◆ **Exercise input**
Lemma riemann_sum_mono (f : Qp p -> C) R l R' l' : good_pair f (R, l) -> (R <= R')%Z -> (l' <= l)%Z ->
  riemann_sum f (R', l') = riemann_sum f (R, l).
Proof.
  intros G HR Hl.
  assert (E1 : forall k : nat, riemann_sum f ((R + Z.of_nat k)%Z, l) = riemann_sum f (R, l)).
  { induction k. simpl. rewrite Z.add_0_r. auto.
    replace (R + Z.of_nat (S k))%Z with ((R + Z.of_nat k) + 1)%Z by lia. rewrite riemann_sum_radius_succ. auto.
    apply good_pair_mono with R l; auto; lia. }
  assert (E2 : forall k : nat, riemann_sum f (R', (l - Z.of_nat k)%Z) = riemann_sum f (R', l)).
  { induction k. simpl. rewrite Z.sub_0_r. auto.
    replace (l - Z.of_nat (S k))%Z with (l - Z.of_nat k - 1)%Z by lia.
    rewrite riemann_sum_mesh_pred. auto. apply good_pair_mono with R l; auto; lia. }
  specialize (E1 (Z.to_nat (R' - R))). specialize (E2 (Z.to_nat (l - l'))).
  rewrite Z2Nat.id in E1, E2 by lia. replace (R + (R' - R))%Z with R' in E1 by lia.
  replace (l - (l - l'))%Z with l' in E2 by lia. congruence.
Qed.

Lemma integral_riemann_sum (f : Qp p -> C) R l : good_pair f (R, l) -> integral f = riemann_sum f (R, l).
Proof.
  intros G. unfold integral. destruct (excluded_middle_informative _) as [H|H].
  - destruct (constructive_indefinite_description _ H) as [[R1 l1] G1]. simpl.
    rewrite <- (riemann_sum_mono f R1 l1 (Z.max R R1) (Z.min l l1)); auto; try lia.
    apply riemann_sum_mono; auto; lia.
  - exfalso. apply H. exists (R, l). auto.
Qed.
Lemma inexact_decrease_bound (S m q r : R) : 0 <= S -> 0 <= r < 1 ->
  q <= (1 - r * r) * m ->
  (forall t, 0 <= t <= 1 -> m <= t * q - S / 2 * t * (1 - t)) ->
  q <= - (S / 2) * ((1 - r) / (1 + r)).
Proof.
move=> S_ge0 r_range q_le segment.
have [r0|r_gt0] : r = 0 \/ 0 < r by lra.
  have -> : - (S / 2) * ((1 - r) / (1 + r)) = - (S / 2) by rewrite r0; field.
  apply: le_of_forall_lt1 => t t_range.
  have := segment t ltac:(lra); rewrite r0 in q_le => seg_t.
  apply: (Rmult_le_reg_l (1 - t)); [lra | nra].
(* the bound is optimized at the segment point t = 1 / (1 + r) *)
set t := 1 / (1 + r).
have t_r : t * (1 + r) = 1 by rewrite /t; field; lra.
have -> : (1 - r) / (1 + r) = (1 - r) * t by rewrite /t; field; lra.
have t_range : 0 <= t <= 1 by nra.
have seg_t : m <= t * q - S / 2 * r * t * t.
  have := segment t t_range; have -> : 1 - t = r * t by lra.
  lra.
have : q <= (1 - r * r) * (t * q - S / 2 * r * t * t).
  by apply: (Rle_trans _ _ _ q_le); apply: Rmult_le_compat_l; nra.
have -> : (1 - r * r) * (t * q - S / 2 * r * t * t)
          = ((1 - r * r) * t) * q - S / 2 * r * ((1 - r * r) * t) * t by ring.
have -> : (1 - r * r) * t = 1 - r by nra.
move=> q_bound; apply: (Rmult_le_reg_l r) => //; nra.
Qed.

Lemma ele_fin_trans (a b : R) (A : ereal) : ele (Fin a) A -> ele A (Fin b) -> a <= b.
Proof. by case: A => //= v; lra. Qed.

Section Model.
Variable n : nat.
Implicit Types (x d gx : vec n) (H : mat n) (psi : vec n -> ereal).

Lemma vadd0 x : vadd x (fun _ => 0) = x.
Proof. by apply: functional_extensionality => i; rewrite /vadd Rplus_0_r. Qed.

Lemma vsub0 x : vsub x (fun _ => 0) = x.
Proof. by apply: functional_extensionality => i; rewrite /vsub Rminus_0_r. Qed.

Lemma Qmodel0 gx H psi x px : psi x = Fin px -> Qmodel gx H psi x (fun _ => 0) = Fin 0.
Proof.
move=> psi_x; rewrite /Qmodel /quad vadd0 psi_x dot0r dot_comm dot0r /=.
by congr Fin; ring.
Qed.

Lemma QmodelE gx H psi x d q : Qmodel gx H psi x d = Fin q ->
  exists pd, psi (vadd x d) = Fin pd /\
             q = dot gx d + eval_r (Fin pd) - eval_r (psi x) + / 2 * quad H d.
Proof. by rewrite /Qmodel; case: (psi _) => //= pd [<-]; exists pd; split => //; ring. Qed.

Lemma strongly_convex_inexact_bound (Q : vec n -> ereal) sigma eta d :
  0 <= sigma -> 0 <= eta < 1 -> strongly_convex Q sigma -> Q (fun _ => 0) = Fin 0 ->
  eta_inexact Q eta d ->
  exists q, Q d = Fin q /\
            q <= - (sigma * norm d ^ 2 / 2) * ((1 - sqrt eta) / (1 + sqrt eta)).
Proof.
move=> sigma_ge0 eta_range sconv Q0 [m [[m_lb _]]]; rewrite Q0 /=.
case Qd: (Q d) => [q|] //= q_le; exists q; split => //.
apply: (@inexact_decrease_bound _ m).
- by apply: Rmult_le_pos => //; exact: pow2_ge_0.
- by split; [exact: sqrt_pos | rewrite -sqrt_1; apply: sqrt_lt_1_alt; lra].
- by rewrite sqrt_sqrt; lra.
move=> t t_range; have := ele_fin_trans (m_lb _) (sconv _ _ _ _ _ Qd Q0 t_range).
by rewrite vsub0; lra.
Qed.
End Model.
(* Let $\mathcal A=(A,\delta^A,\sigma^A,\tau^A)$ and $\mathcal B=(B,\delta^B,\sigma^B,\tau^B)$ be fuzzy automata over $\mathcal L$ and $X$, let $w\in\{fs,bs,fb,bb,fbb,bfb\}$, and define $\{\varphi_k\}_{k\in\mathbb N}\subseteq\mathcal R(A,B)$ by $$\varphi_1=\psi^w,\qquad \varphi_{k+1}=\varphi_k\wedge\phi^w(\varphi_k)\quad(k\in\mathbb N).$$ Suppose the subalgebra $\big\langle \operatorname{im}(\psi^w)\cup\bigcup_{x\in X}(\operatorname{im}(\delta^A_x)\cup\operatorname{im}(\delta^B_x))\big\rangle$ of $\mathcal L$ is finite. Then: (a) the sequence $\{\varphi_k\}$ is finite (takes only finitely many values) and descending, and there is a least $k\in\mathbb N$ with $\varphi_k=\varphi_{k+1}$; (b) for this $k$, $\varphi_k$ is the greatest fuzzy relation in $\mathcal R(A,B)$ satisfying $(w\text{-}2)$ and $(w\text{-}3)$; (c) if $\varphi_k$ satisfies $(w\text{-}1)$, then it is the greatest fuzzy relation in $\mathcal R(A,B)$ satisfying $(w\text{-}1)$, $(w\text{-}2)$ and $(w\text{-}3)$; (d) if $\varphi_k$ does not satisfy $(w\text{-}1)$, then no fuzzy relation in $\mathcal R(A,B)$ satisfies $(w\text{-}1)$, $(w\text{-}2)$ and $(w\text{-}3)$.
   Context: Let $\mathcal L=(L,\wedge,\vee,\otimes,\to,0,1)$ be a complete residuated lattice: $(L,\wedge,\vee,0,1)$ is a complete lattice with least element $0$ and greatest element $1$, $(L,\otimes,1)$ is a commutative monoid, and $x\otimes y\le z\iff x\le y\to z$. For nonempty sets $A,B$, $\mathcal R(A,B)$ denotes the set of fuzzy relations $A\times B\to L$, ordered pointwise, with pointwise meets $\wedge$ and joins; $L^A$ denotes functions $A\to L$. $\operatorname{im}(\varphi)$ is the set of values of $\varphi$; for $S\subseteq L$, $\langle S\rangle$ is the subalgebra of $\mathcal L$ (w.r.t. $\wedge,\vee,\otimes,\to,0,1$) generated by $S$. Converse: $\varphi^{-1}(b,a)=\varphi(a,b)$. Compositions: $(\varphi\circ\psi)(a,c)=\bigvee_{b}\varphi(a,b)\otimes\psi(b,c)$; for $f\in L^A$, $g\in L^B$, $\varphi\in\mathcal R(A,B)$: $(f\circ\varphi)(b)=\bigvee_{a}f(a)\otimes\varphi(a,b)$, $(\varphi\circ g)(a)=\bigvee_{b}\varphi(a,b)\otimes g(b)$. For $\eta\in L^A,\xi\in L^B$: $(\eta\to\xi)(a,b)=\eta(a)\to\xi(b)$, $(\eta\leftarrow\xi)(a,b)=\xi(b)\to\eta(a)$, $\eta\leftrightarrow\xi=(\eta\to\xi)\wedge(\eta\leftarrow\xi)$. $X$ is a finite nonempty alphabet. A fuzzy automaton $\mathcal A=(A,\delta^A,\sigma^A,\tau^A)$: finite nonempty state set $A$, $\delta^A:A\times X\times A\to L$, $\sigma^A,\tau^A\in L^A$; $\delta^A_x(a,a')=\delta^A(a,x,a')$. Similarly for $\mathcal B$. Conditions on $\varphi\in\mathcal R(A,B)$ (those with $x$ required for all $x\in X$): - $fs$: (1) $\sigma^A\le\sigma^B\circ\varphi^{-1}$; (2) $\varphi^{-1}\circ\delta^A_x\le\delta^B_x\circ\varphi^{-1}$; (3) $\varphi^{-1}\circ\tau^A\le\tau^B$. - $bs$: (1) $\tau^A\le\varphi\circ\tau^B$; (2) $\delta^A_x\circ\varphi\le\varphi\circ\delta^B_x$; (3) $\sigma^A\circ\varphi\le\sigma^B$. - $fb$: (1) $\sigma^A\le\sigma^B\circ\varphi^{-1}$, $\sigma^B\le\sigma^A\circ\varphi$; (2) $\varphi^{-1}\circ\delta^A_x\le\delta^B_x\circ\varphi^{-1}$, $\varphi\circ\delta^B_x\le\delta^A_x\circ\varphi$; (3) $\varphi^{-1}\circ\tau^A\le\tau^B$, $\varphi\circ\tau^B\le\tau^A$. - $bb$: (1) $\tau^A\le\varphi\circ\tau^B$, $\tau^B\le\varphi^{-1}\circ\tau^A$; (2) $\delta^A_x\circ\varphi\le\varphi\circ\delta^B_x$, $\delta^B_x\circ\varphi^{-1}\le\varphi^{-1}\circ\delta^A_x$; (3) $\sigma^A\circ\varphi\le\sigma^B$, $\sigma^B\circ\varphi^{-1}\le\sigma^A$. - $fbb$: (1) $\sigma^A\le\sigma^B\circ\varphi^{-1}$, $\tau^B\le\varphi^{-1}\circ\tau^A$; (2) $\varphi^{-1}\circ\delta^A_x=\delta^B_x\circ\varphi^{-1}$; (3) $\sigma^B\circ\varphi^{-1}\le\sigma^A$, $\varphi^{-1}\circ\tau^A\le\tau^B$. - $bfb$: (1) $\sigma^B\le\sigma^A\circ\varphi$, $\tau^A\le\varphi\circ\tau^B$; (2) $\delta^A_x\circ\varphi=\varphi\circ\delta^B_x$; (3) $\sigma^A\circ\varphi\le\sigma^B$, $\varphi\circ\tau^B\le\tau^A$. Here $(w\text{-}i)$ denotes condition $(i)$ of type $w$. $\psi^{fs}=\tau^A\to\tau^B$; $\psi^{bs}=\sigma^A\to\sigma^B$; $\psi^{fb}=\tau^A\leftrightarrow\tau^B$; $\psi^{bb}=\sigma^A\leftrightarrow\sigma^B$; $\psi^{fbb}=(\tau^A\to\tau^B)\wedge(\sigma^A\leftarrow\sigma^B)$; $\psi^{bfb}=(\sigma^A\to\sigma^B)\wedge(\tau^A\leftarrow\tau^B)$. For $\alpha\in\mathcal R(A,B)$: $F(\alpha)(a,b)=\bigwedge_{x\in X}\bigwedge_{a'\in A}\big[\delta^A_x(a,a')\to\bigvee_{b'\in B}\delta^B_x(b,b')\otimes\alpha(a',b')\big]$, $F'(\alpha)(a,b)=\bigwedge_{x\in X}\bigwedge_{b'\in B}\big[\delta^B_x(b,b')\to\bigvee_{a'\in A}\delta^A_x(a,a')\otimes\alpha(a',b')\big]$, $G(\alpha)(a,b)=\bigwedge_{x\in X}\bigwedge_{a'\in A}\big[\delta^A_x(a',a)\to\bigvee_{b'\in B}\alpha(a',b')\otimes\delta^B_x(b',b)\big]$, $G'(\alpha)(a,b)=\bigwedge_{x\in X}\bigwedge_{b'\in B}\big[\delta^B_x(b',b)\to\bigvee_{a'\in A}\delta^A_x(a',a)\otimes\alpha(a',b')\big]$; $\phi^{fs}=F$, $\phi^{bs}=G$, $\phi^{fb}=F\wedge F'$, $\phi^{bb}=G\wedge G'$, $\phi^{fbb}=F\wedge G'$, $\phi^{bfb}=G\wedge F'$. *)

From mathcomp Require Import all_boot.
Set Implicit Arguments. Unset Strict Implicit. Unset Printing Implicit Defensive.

◆ **Exercise**
Starting at the line that has "Lemma integral_riemann_sum (f" in the records above, restate word for word every line until the one that has "have -> : (1 - r * r) * (t", and include that one as well.

◆ **Result of this task**
Lemma integral_riemann_sum (f : Qp p -> C) R l : good_pair f (R, l) -> integral f = riemann_sum f (R, l).
Proof.
  intros G. unfold integral. destruct (excluded_middle_informative _) as [H|H].
  - destruct (constructive_indefinite_description _ H) as [[R1 l1] G1]. simpl.
    rewrite <- (riemann_sum_mono f R1 l1 (Z.max R R1) (Z.min l l1)); auto; try lia.
    apply riemann_sum_mono; auto; lia.
  - exfalso. apply H. exists (R, l). auto.
Qed.
Lemma inexact_decrease_bound (S m q r : R) : 0 <= S -> 0 <= r < 1 ->
  q <= (1 - r * r) * m ->
  (forall t, 0 <= t <= 1 -> m <= t * q - S / 2 * t * (1 - t)) ->
  q <= - (S / 2) * ((1 - r) / (1 + r)).
Proof.
move=> S_ge0 r_range q_le segment.
have [r0|r_gt0] : r = 0 \/ 0 < r by lra.
  have -> : - (S / 2) * ((1 - r) / (1 + r)) = - (S / 2) by rewrite r0; field.
  apply: le_of_forall_lt1 => t t_range.
  have := segment t ltac:(lra); rewrite r0 in q_le => seg_t.
  apply: (Rmult_le_reg_l (1 - t)); [lra | nra].
(* the bound is optimized at the segment point t = 1 / (1 + r) *)
set t := 1 / (1 + r).
have t_r : t * (1 + r) = 1 by rewrite /t; field; lra.
have -> : (1 - r) / (1 + r) = (1 - r) * t by rewrite /t; field; lra.
have t_range : 0 <= t <= 1 by nra.
have seg_t : m <= t * q - S / 2 * r * t * t.
  have := segment t t_range; have -> : 1 - t = r * t by lra.
  lra.
have : q <= (1 - r * r) * (t * q - S / 2 * r * t * t).
  by apply: (Rle_trans _ _ _ q_le); apply: Rmult_le_compat_l; nra.
have -> : (1 - r * r) * (t * q - S / 2 * r * t * t)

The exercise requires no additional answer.